Finally, we conduct module mining to identify the relationship between gene expression modules and immune markers.

2.5 LASSO COX analysis

Under the univariate COX regression and LASSO regression analysis, 13 genes were incorporated into the model. The risk score (RS) of each sample was calculated using Eq. (4) below:

$\displaystyle\textit{Risk score}(\textit{RS})=\sum\limits_{i=1}^{N}(\textit{% Exp}_{i}\ast C_{i})$ (4)

Almonst, $N$ is the number of prognostic lumps that permeate immune cells, $\textit{Exp}_{i}$ is the expression profile of bump permeate immune cells, with the $C_{i}$ representative of the regression coefficient determined by LASSO analysis.

2.6 Mutation landscape analysis

The ‘maftools’ package in R [16] was executed to observe the effects of TNFRSF4 expression and RS grouping on gene mutations occuring in HCC samples (in this step, excluding samples occurring no mutations, 353 samples were left).

Figure 2.

Screening of single gene TNFRSF4.

Figure 3.

Clinical analysis of TNFRSF4. (A) Violin chart shows the relative expression of TNFRSF4 in normal and tumor samples; (B) KM curve of TCGA cohort high ( $n=$ 183) and low TNFRSF4 expression group ( $n=$ 182). (C) 1, 3 and 5 year ROC curve; (D–F) Box plot of TNFRSF4 expression in different disease stage and tumor grade.

All the statistical analysis in this manuscript were performed by R software (https://www.r-project.org/), with the creteria of $p<$ 0.05 for a $T$ -test of being statistical significance. The median of sample was used as the critical value dividing high/low groups.

3. Results

3.1 TNFRSF4 identification in HCC and its prognosis evaluation

318 genes were resulted from the intersection of HCC whole genome, immune-related genes, and the mutation genes, then subject to GEPIA 2 and ENCORI databases to analyze the survival outcome and differential expression, yielding 10 genes with the $P<$ 0.05. In consideration of previously reported 9 genes in HCC, the remained gene TNFRSF4 amongst was identified as a prognosis marker (Fig. 2).

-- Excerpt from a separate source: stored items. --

(* Let $\mathcal{V}$ be a non-trivial quantale, $\mathsf{F}\colon\mathbf{Set}\to\mathbf{Set}$ a functor, and $\widehat{\mathsf{F}}\colon\mathbf{Rel}(\mathcal{V})\to\mathbf{Rel}(\mathcal{V})$ a lax extension of $\mathsf{F}$, with induced lifting $\widehat{\mathsf{F}}\colon\mathbf{Cat}(\mathcal{V})\to\mathbf{Cat}(\mathcal{V})$, $(X,a)\mapsto(\mathsf{F}X,\widehat{\mathsf{F}}a)$. If the lax extension $\widehat{\mathsf{F}}$ is the Kantorovich extension $\widehat{\mathsf{F}}^\Lambda$ with respect to a class $\Lambda$ of monotone $\mathcal{V}$-valued predicate liftings for $\mathsf{F}$, then the induced lifting $\widehat{\mathsf{F}}\colon\mathbf{Cat}(\mathcal{V})\to\mathbf{Cat}(\mathcal{V})$ is the Kantorovich lifting $\mathsf{F}^\Lambda$ of $\mathsf{F}$ with respect to $\Lambda$.
   Context: A quantale $(\mathcal{V},\otimes,k)$ is a complete lattice with a commutative monoid structure such that each $u\otimes-$ preserves joins; $\hom(u,-)$ is its right adjoint; non-trivial means $\bot\ne\top$. A $\mathcal{V}$-category is $(X,a)$ with $a\colon X\times X\to\mathcal{V}$, $k\le a(x,x)$, $a(x,y)\otimes a(y,z)\le a(x,z)$; $\mathcal{V}$-functors satisfy $a(x,y)\le b(f(x),f(y))$; category $\mathbf{Cat}(\mathcal{V})$. A $\mathcal{V}$-relation $r\colon X\nrightarrow Y$ is a map $X\times Y\to\mathcal{V}$; composition of $r\colon X\nrightarrow Y$, $s\colon Y\nrightarrow Z$ is $(s\cdot r)(x,z)=\bigvee_y r(x,y)\otimes s(y,z)$; the identity $1_X$ is $k$ on the diagonal and $\bot$ elsewhere; a function $f$ is the $\mathcal{V}$-relation with value $k$ on its graph and $\bot$ elsewhere; $r^\circ(y,x)=r(x,y)$; relations are ordered pointwise. For $r\colon X\nrightarrow Y$, $s\colon X\nrightarrow Z$, the extension $r\multimap s\colon Z\nrightarrow Y$ is $(r\multimap s)(z,y)=\bigwedge_x\hom(s(x,z),r(x,y))$. A lax extension of $\mathsf{F}$ assigns to each $r\colon X\nrightarrow Y$ a $\widehat{\mathsf{F}}r\colon\mathsf{F}X\nrightarrow\mathsf{F}Y$ such that (L1) $r\le r'\Rightarrow\widehat{\mathsf{F}}r\le\widehat{\mathsf{F}}r'$, (L2) $\widehat{\mathsf{F}}s\cdot\widehat{\mathsf{F}}r\le\widehat{\mathsf{F}}(s\cdot r)$, (L3) $\mathsf{F}f\le\widehat{\mathsf{F}}f$ and $(\mathsf{F}f)^\circ\le\widehat{\mathsf{F}}(f^\circ)$ for functions $f$. A $\kappa$-ary $\mathcal{V}$-valued predicate lifting is a natural transformation $\lambda\colon\mathbf{Set}(-,\mathcal{V}^\kappa)\to\mathbf{Set}(\mathsf{F}-,\mathcal{V})$; identifying $f\colon X\to\mathcal{V}^\kappa$ with the $\mathcal{V}$-relation $\kappa\nrightarrow X$, $(i,x)\mapsto f(x)(i)$, and maps $\mathsf{F}X\to\mathcal{V}$ with $\mathcal{V}$-relations $1\nrightarrow\mathsf{F}X$, each component is a map from $\mathcal{V}$-relations $\kappa\nrightarrow X$ to $\mathcal{V}$-relations $1\nrightarrow\mathsf{F}X$; $\lambda$ is monotone if its components are monotone for the pointwise order. The Kantorovich extension w.r.t. a class $\Lambda$ of monotone predicate liftings is $\widehat{\mathsf{F}}^\Lambda=\bigwedge_{\lambda\in\Lambda}\widehat{\mathsf{F}}^\lambda$ with $\widehat{\mathsf{F}}^\lambda r=\bigwedge_{g\colon\kappa\nrightarrow X}\lambda(r\cdot g)\multimap\lambda(g)$ for $r\colon X\nrightarrow Y$. The Kantorovich lifting $\mathsf{F}^\Lambda$ sends $(X,a)$ to $\mathsf{F}X$ with structure $c(\mathfrak{x},\mathfrak{y})=\bigwedge\hom(\lambda_X(f)(\mathfrak{x}),\lambda_X(f)(\mathfrak{y}))$ over all $\kappa$-ary $\lambda\in\Lambda$ and $\mathcal{V}$-functors $f\colon(X,a)\to\mathcal{V}^\kappa$, where $\mathcal{V}^\kappa$ has structure $[f,g]=\bigwedge_i\hom(f(i),g(i))$. *)

Record quantale := Quantale {
  qcar :> Type;
  qle : qcar -> qcar -> Prop;
  qle_refl : forall x, qle x x;
  qle_trans : forall x y z, qle x y -> qle y z -> qle x z;
  qle_antisym : forall x y, qle x y -> qle y x -> x = y;
  qsup : (qcar -> Prop) -> qcar;
  qsup_ub : forall (S : qcar -> Prop) x, S x -> qle x (qsup S);
  qsup_least : forall (S : qcar -> Prop) y,
      (forall x, S x -> qle x y) -> qle (qsup S) y;
  qtens : qcar -> qcar -> qcar;
  qk : qcar;
  qtens_assoc : forall x y z, qtens x (qtens y z) = qtens (qtens x y) z;
  qtens_comm : forall x y, qtens x y = qtens y x;
  qtens_unit : forall x, qtens qk x = x;
  qtens_sup : forall u (S : qcar -> Prop),
      qtens u (qsup S) = qsup (fun v => exists w, S w /\ v = qtens u w)
}.

Arguments qle {q}.
Arguments qsup {q}.
Arguments qtens {q}.
Arguments qk {q}.

Section QuantaleOps.
Variable V : quantale.

Definition qbot : V := qsup (fun _ => False).
Definition qtop : V := qsup (fun _ => True).
Definition qinf (S : V -> Prop) : V := qsup (fun w => forall s, S s -> qle w s).
(* hom(u,-) : right adjoint of u (x) - *)
Definition qhom (u v : V) : V := qsup (fun w => qle (qtens u w) v).
Definition bigsup {I : Type} (f : I -> V) : V := qsup (fun v => exists i, v = f i).
Definition biginf {I : Type} (f : I -> V) : V := qinf (fun v => exists i, v = f i).

Definition nontrivial : Prop := qbot <> qtop.

Definition rel (X Y : Type) := X -> Y -> V.

Definition rcomp {X Y Z : Type} (s : rel Y Z) (r : rel X Y) : rel X Z :=
  fun x z => bigsup (fun y => qtens (r x y) (s y z)).

(* a function as a V-relation: k on its graph, bottom elsewhere *)
Definition graph {X Y : Type} (f : X -> Y) : rel X Y :=
  fun x y => qsup (fun v => v = qk /\ f x = y).

Definition rid (X : Type) : rel X X := graph (fun x => x).

Definition conv {X Y : Type} (r : rel X Y) : rel Y X := fun y x => r x y.

Definition rle {X Y : Type} (r r' : rel X Y) : Prop :=
  forall x y, qle (r x y) (r' x y).

Definition rext {X Y Z : Type} (r : rel X Y) (s : rel X Z) : rel Z Y :=
  fun z y => biginf (fun x => qhom (s x z) (r x y)).

Definition is_vcat {X : Type} (a : rel X X) : Prop :=
  (forall x, qle qk (a x x)) /\
  (forall x y z, qle (qtens (a x y) (a y z)) (a x z)).

Definition vfunctor {X Y : Type} (a : rel X X) (b : rel Y Y) (f : X -> Y) : Prop :=
  forall x y, qle (a x y) (b (f x) (f y)).

Definition powstruct (kappa : Type) : rel (kappa -> V) (kappa -> V) :=
  fun f g => biginf (fun i => qhom (f i) (g i)).

End QuantaleOps.

Arguments qbot {V}.
Arguments qtop {V}.
Arguments qinf {V}.
Arguments qhom {V}.
Arguments bigsup {V I}.
Arguments biginf {V I}.

Record functor := Functor {
  fobj :> Type -> Type;
  fmap : forall (X Y : Type), (X -> Y) -> fobj X -> fobj Y;
  fmap_id : forall (X : Type) (t : fobj X), fmap X X (fun x => x) t = t;
  fmap_comp : forall (X Y Z : Type) (f : X -> Y) (g : Y -> Z) (t : fobj X),
      fmap X Z (fun x => g (f x)) t = fmap Y Z g (fmap X Y f t)
}.
Arguments fmap {_ X Y}.

Definition lax_extension (V : quantale) (F : functor)
    (Fhat : forall X Y : Type, rel V X Y -> rel V (F X) (F Y)) : Prop :=
  (forall X Y (r r' : rel V X Y), rle V r r' -> rle V (Fhat X Y r) (Fhat X Y r')) /\
  (forall X Y Z (r : rel V X Y) (s : rel V Y Z),
      rle V (rcomp V (Fhat Y Z s) (Fhat X Y r)) (Fhat X Z (rcomp V s r))) /\
  (forall X Y (f : X -> Y),
      rle V (graph V (fmap f)) (Fhat X Y (graph V f)) /\
      rle V (conv V (graph V (fmap f))) (Fhat Y X (conv V (graph V f)))).

Record predlift (V : quantale) (F : functor) (kappa : Type) := PredLift {
  plift :> forall X : Type, (X -> kappa -> V) -> F X -> V;
  plift_nat : forall (X Y : Type) (h : Y -> X) (f : X -> kappa -> V) (t : F Y),
      plift Y (fun y => f (h y)) t = plift X f (fmap h t)
}.
Arguments plift {V F kappa}.

Definition monotone_plift {V : quantale} {F : functor} {kappa : Type}
    (lam : predlift V F kappa) : Prop :=
  forall (X : Type) (f f' : X -> kappa -> V),
    (forall x i, qle (f x i) (f' x i)) ->
    forall t, qle (lam X f t) (lam X f' t).

(* identification of maps X -> V^kappa with V-relations kappa -/-> X and of
   maps F X -> V with V-relations 1 -/-> F X *)
Definition map_of_rel {V : quantale} {kappa X : Type} (g : rel V kappa X)
  : X -> kappa -> V := fun x i => g i x.

Definition lam_rel {V : quantale} {F : functor} {kappa : Type}
    (lam : predlift V F kappa) (X : Type) (g : rel V kappa X) : rel V unit (F X) :=
  fun _ t => lam X (map_of_rel g) t.

Definition kant_ext1 {V : quantale} {F : functor} {kappa : Type}
    (lam : predlift V F kappa) {X Y : Type} (r : rel V X Y) : rel V (F X) (F Y) :=
  fun s t => biginf (fun g : rel V kappa X =>
     rext V (lam_rel lam Y (rcomp V r g)) (lam_rel lam X g) s t).

Definition kant_ext {V : quantale} {F : functor} {I : Type} {kappa : I -> Type}
    (Lam : forall i, predlift V F (kappa i)) {X Y : Type} (r : rel V X Y)
    : rel V (F X) (F Y) :=
  fun s t => biginf (fun i => kant_ext1 (Lam i) r s t).

Definition kant_lift {V : quantale} {F : functor} {I : Type} {kappa : I -> Type}
    (Lam : forall i, predlift V F (kappa i)) {X : Type} (a : rel V X X)
    : rel V (F X) (F X) :=
  fun s t => qinf (fun v => exists (i : I) (f : X -> kappa i -> V),
      vfunctor V a (powstruct V (kappa i)) f /\
      v = qhom (Lam i X f s) (Lam i X f t)).

(* For a V-functor f : (X, a) -> V^kappa, the V-relation g = f^T : kappa -/-> X
   is a-closed (a . g <= g), so by monotonicity of the lifting the summand of the
   Kantorovich extension at g is below [hom(lam f s, lam f t)].  Conversely, for
   any g the map f := (a . g)^T is a V-functor by transitivity of a, and g <= a . g
   by reflexivity, so [hom(lam f s, lam f t)] is below the summand at g.  Hence the
   two infima defining [kant_ext Lam a] and [kant_lift Lam a] coincide. *)


Section QuantaleFacts.
Variable V : quantale.

Lemma qsup_pair (x y : V) : qle x y -> qsup (fun w => w = x \/ w = y) = y.
Proof.
  intro Hxy. apply qle_antisym.
  - apply qsup_least. intros w [-> | ->]; [exact Hxy | apply qle_refl].
  - apply qsup_ub. now right.
Qed.

(* Monotonicity of [u (x) -] is the join-preservation axiom applied to {x, y}. *)
Lemma qtens_monor (u x y : V) : qle x y -> qle (qtens u x) (qtens u y).
Proof.
  intro Hxy. rewrite <- (qsup_pair x y Hxy), qtens_sup.
  apply qsup_ub. exists x. split; [now left | reflexivity].
Qed.

Lemma qtens_monol (u x y : V) : qle x y -> qle (qtens x u) (qtens y u).
Proof. intro Hxy. rewrite (qtens_comm _ x), (qtens_comm _ y). now apply qtens_monor. Qed.

Lemma qtens_k (x : V) : qtens x qk = x.
Proof. now rewrite qtens_comm, qtens_unit. Qed.

Lemma qhom_eval (u v : V) : qle (qtens u (qhom u v)) v.
Proof.
  unfold qhom. rewrite qtens_sup. apply qsup_least.
  intros x [w [Hw ->]]. exact Hw.
Qed.

Lemma qle_hom (u w v : V) : qle (qtens u w) v <-> qle w (qhom u v).
Proof.
  split; intro H.
  - now apply qsup_ub.
  - eapply qle_trans; [apply qtens_monor, H | apply qhom_eval].
Qed.

Lemma qhom_monor (u v v' : V) : qle v v' -> qle (qhom u v) (qhom u v').
Proof. intro Hv. apply qle_hom. eapply qle_trans; [apply qhom_eval | exact Hv]. Qed.

Lemma qhom_antil (u u' v : V) : qle u u' -> qle (qhom u' v) (qhom u v).
Proof.
  intro Hu. apply qle_hom.
  eapply qle_trans; [apply qtens_monol, Hu | apply qhom_eval].
Qed.

Lemma qinf_lb (S : V -> Prop) s : S s -> qle (qinf S) s.
Proof. intro Hs. apply qsup_least. intros w Hw. now apply Hw. Qed.

Lemma qinf_glb (S : V -> Prop) y : (forall s, S s -> qle y s) -> qle y (qinf S).
Proof. intro H. now apply qsup_ub. Qed.

Lemma biginf_lb {J : Type} (h : J -> V) j : qle (biginf h) (h j).
Proof. apply qinf_lb. now exists j. Qed.

Lemma biginf_glb {J : Type} (h : J -> V) y :
  (forall j, qle y (h j)) -> qle y (biginf h).
Proof. intro H. apply qinf_glb. intros s [j ->]. apply H. Qed.

Lemma biginf_unit (h : unit -> V) : biginf h = h tt.
Proof.
  apply qle_antisym; [apply biginf_lb |].
  apply biginf_glb. intros []. apply qle_refl.
Qed.

Lemma bigsup_ub {J : Type} (h : J -> V) j : qle (h j) (bigsup h).
Proof. apply qsup_ub. now exists j. Qed.

Lemma bigsup_least {J : Type} (h : J -> V) y :
  (forall j, qle (h j) y) -> qle (bigsup h) y.
Proof. intro H. apply qsup_least. intros s [j ->]. apply H. Qed.

Lemma qtens_bigsup_le {J : Type} (u : V) (h : J -> V) v :
  (forall j, qle (qtens u (h j)) v) -> qle (qtens u (bigsup h)) v.
Proof.
  intro H. unfold bigsup. rewrite qtens_sup. apply qsup_least.
  intros x [w [[j ->] ->]]. apply H.
Qed.

End QuantaleFacts.

Section ClosedRelations.
Variables (V : quantale) (kappa X : Type) (a : rel V X X).

Lemma vfunctor_rcomp_le (f : X -> kappa -> V) :
  vfunctor V a (powstruct V kappa) f ->
  rle V (rcomp V a (fun i x => f x i)) (fun i x => f x i).
Proof.
  intros Hf i y. apply bigsup_least. intro x.
  apply qle_hom. eapply qle_trans; [apply Hf |].
  apply (biginf_lb V (fun j => qhom (f x j) (f y j)) i).
Qed.

Lemma vfunctor_rcomp (g : rel V kappa X) :
  (forall x y z, qle (qtens (a x y) (a y z)) (a x z)) ->
  vfunctor V a (powstruct V kappa) (map_of_rel (rcomp V a g)).
Proof.
  intros Htrans x y. apply biginf_glb. intro i.
  apply qle_hom. rewrite qtens_comm. apply qtens_bigsup_le. intro z.
  rewrite (qtens_comm V (a x y)), <- qtens_assoc.
  eapply qle_trans; [apply qtens_monor, Htrans |].
  apply (bigsup_ub V (fun z => qtens (g i z) (a z y)) z).
Qed.

Lemma rle_rcomp_refl (g : rel V kappa X) :
  (forall x, qle qk (a x x)) -> rle V g (rcomp V a g).
Proof.
  intros Hrefl i x.
  eapply qle_trans; [| apply (bigsup_ub V (fun z => qtens (g i z) (a z x)) x)].
  apply (qle_trans _ _ (qtens (g i x) qk)).
  - rewrite qtens_k. apply qle_refl.
  - apply qtens_monor, Hrefl.
Qed.

End ClosedRelations.

Section KantorovichSummands.
Variables (V : quantale) (F : functor) (kappa : Type) (lam : predlift V F kappa).
Hypothesis lam_mono : monotone_plift lam.
Variables (X : Type) (a : rel V X X).

Lemma rext_lam_rel (g h : rel V kappa X) s t :
  rext V (lam_rel lam X h) (lam_rel lam X g) s t
  = qhom (lam X (map_of_rel g) s) (lam X (map_of_rel h) t).
Proof. apply biginf_unit. Qed.

Lemma kant_ext1_le_hom (f : X -> kappa -> V) s t :
  vfunctor V a (powstruct V kappa) f ->
  qle (kant_ext1 lam a s t) (qhom (lam X f s) (lam X f t)).
Proof.
  intro Hf.
  eapply qle_trans; [apply (biginf_lb V _ (fun i x => f x i)) |].
  rewrite rext_lam_rel. apply qhom_monor, lam_mono.
  intros x i. apply (vfunctor_rcomp_le V kappa X a f Hf).
Qed.

Lemma hom_rcomp_le_rext (g : rel V kappa X) s t :
  (forall x, qle qk (a x x)) ->
  qle (qhom (lam X (map_of_rel (rcomp V a g)) s) (lam X (map_of_rel (rcomp V a g)) t))
      (rext V (lam_rel lam X (rcomp V a g)) (lam_rel lam X g) s t).
Proof.
  intro Hrefl. rewrite rext_lam_rel. apply qhom_antil, lam_mono.
  intros x i. apply (rle_rcomp_refl V kappa X a g Hrefl).
Qed.

End KantorovichSummands.

Section KantorovichComparison.
Variables (V : quantale) (F : functor) (I : Type) (kappa : I -> Type).
Variable Lam : forall i, predlift V F (kappa i).
Hypothesis Lam_mono : forall i, monotone_plift (Lam i).
Variables (X : Type) (a : rel V X X).

Lemma kant_ext_le_kant_lift s t : qle (kant_ext Lam a s t) (kant_lift Lam a s t).
Proof.
  apply qinf_glb. intros v [i [f [Hf ->]]].
  eapply qle_trans; [apply (biginf_lb V _ i) |].
  now apply kant_ext1_le_hom.
Qed.

Lemma kant_lift_le_kant_ext s t :
  is_vcat V a -> qle (kant_lift Lam a s t) (kant_ext Lam a s t).
Proof.
  intros [Hrefl Htrans].
  apply biginf_glb. intro i. apply biginf_glb. intro g.
  eapply qle_trans; [| now apply hom_rcomp_le_rext].
  apply qinf_lb. exists i, (map_of_rel (rcomp V a g)).
  split; [now apply vfunctor_rcomp | reflexivity].
Qed.

End KantorovichComparison.

(* Nontriviality of V and the lax-extension axioms are what make
   [(X, a) |-> (F X, Fhat a)] a functor on V-categories. *)
Theorem theorem5 (V : quantale) (F : functor) (I : Type) (kappa : I -> Type)
    (Lam : forall i, predlift V F (kappa i))
    (Fhat : forall X Y : Type, rel V X Y -> rel V (F X) (F Y)) :
  nontrivial V ->
  (forall i, monotone_plift (Lam i)) ->
  lax_extension V F Fhat ->
  (forall (X Y : Type) (r : rel V X Y) s t, Fhat X Y r s t = kant_ext Lam r s t) ->
  forall (X : Type) (a : rel V X X), is_vcat V a ->
    forall s t : F X, Fhat X X a s t = kant_lift Lam a s t.
Proof.
  intros _ Lam_mono _ Fhat_kant X a a_vcat s t.
  rewrite Fhat_kant. apply qle_antisym.
  - now apply kant_ext_le_kant_lift.
  - now apply kant_lift_le_kant_ext.
Qed.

The original microarray data was downloaded from TCGA, and the TNFRSF4 expression in HCC samples were analyzed. In Fig. 3A, it is indicated TNFRSF4 expression in HCC samples was up-regulated compared with the case of non-tumor samples. Kaplan-Meier analysis showed that the overall survival outcome of high TNFRSF4 expression group was poor ( $P<$ 0.0001, Fig. 3B). The ROC curve shows that the TNFRSF4 expression was of good predictive performance, with the 1, 3 and 5-year AUCs separately of 0.66, 0.60, and 0.64 (seeing Fig. 3C). Furthermore, the GEO data GSE76427 ( $n=$ 116) was used to verify the prognostic significance of gene TNFRSF4. Patients with high TNFRSF4 expression showed a low survival outcome with $P<$ 0.001, which was consistent with the results from TCGA. Moreover, the TNFRSF4 expression in HCC patients was greatly different in diverse stages (Fig. 3D–F).

Figure 4.

TNFRSF4 prognostic value. Univariate and multivariate regression analysis of different clinicopathological variables in TCGA (A–B) and GEO (C–D).

Subsequently, Univariate Cox regression analysis was implemented to evaluate the prognostic value of TNFRSF4 expression, age, gender, tumor grade and disease stage (Fig. 4A). Then subject to multivariate Cox regression, it was found TNFRSF4 expression was an independent prognostic biomarker (Fig. 4B). The conclusion was further confirmed by the GEO dataset (Fig. 4C and D), demonstrating the TNFRSF4 could be an independent biomarker for HCC.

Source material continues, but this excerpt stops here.